I've read a couple of his books.
I enjoy his stories.
Also that's an interesting concept.
 
Zee
1:13 AM
Useless advice
 
This question makes my head hurt: math.stackexchange.com/q/2311274/137524
I recognize terms in there, but I have no idea at all what they're after.
Self-consistent HF (Hartree-Fock) RPA (random phase approximation) , ok
fraction of EWSR?
isoscalar(?) monopole, dipole, quadrupole, octopole
and oh hey skyrme interaction
 
 
1 hour later…
2:40 AM
@Semiclassical lmfao, yeah that's pretty ridiculous.
 
The funny thing is, after looking a bit online, I mostly understand what that picture is. (The terminology is stuff I've seen before). @dodsy
(Basically, model calculations of certain calcium nuclei-nuclei interactions, and comparison with experiment)
But since they don't include a source, I have no idea what the bottom axis is or what that vertical label is supposed to mean.
As a consequence, I wouldn't be able to help even if I was willing to. (I'm not.)
 
How it's written is pretty bad, you must have some good knowledge if you can understand it.
 
I had to look up some stuff.
But I do recognize the phrase "Self-consistent Hartree-Fock Random Phase approximation".
I even know where it'd be in my condensed matter field theory book, though I don't do it myself.
 
lmfao, I hope I never understand that sentence, honestly.
 
Well, to be honest, people usually just call it RPA.

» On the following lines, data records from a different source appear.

(* Assume $f$ satisfies conditions (A0)–(A3) below. Then there exists a constant $C>0$ such that every $2\pi$-periodic solution $x$ of the system $\ddot x(t)=f(t,x(t),\mathbf x_t,\dot x(t))$ satisfies $|x(t)|<C$, $|\dot x(t)|<C$ and $|\ddot x(t)|<C$ for all $t\in\mathbb R$.
   Context: Let $n,m\ge 1$ be integers, $\mathbf V=\mathbb R^n$ with Euclidean inner product $x\bullet z$ and norm $|x|$. For $\mathbf y=(y^1,\dots,y^m)\in\mathbf V^m$ put $|\mathbf y|:=\max_{1\le j\le m}|y^j|$. Fix reals $0=\tau_0<\tau_1<\dots<\tau_m<2\pi$ with $\tau_{m-j+1}=2\pi-\tau_j$ for $j=1,\dots,m$. Let $f:\mathbb R\times\mathbf V\times\mathbf V^m\times\mathbf V\to\mathbf V$, and for a function $x:\mathbb R\to\mathbf V$ put $\mathbf x_t:=(x(t-\tau_1),\dots,x(t-\tau_m))$. A $2\pi$-periodic solution is a $C^2$ function $x:\mathbb R\to\mathbf V$ with $x(t+2\pi)=x(t)$ and $\ddot x(t)=f(t,x(t),\mathbf x_t,\dot x(t))$ for all $t$. Conditions: (A0) $f$ is continuous and $f(t+2\pi,x,\mathbf y,z)=f(t,x,\mathbf y,z)$ for all arguments. (A1) There is $R>0$ such that for all $t\in\mathbb R$, $x,z\in\mathbf V$, $\mathbf y\in\mathbf V^m$: if $|x|\ge R$, $|\mathbf y|\le|x|$ and $x\bullet z=0$, then $x\bullet f(t,x,\mathbf y,z)>0$. (A2) There is a continuous $\phi:[0,\infty)\to(0,\infty)$ with $\int_0^\infty \frac{s\,ds}{\phi(s)}=\infty$ and $|f(t,x,\mathbf y,z)|\le\phi(|z|)$ for all $t$, all $|x|\le R$, $|\mathbf y|\le R$ and all $z$. (A3) There are constants $\alpha>0,K>0$ with $|f(t,x,\mathbf y,z)|\le\alpha\big(x\bullet f(t,x,\mathbf y,z)+|z|^2\big)+K$ for all $t$, all $|x|\le R$, $|\mathbf y|\le R$ and all $z$. *)

From HB Require Import structures.
From mathcomp Require Import all_boot all_order all_algebra.
From mathcomp Require Import all_classical all_reals all_analysis.
Set Implicit Arguments. Unset Strict Implicit. Unset Printing Implicit Defensive.
Import Order.TTheory GRing.Theory Num.Theory.
Import numFieldNormedType.Exports.
Local Open Scope classical_set_scope.
Local Open Scope ring_scope.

Because the name is not very helpful.
 
2:53 AM
do you guys think it's important to take physics in the first year of your undergrad?
 
Hey everyone!
 
Hartree-Fock, by contrast, is a more familiar thing. It comes up if you want to do density functional theory in chemistry.
 
And I mean, do you anticipate physics being a feature of your college experience?
 
Hey Dami.
 
And self-consistent refers to how it's being solved, namely in a way where all the constraints are required to be satisfied.
(Sometimes you have to do calculations which aren't self-consistent; it's not a great idea, but it's usually easier and can give some insight.)
 
2:55 AM
I am drafting my schedule, though there is a chance I may not be accepted, but if I add physics my day goes something like "Calc from 8:30 to 9:30, physics from 9:30 to 10:30, lin alg from 10:30 to 11:30" and I just feel like that'd be a tough year.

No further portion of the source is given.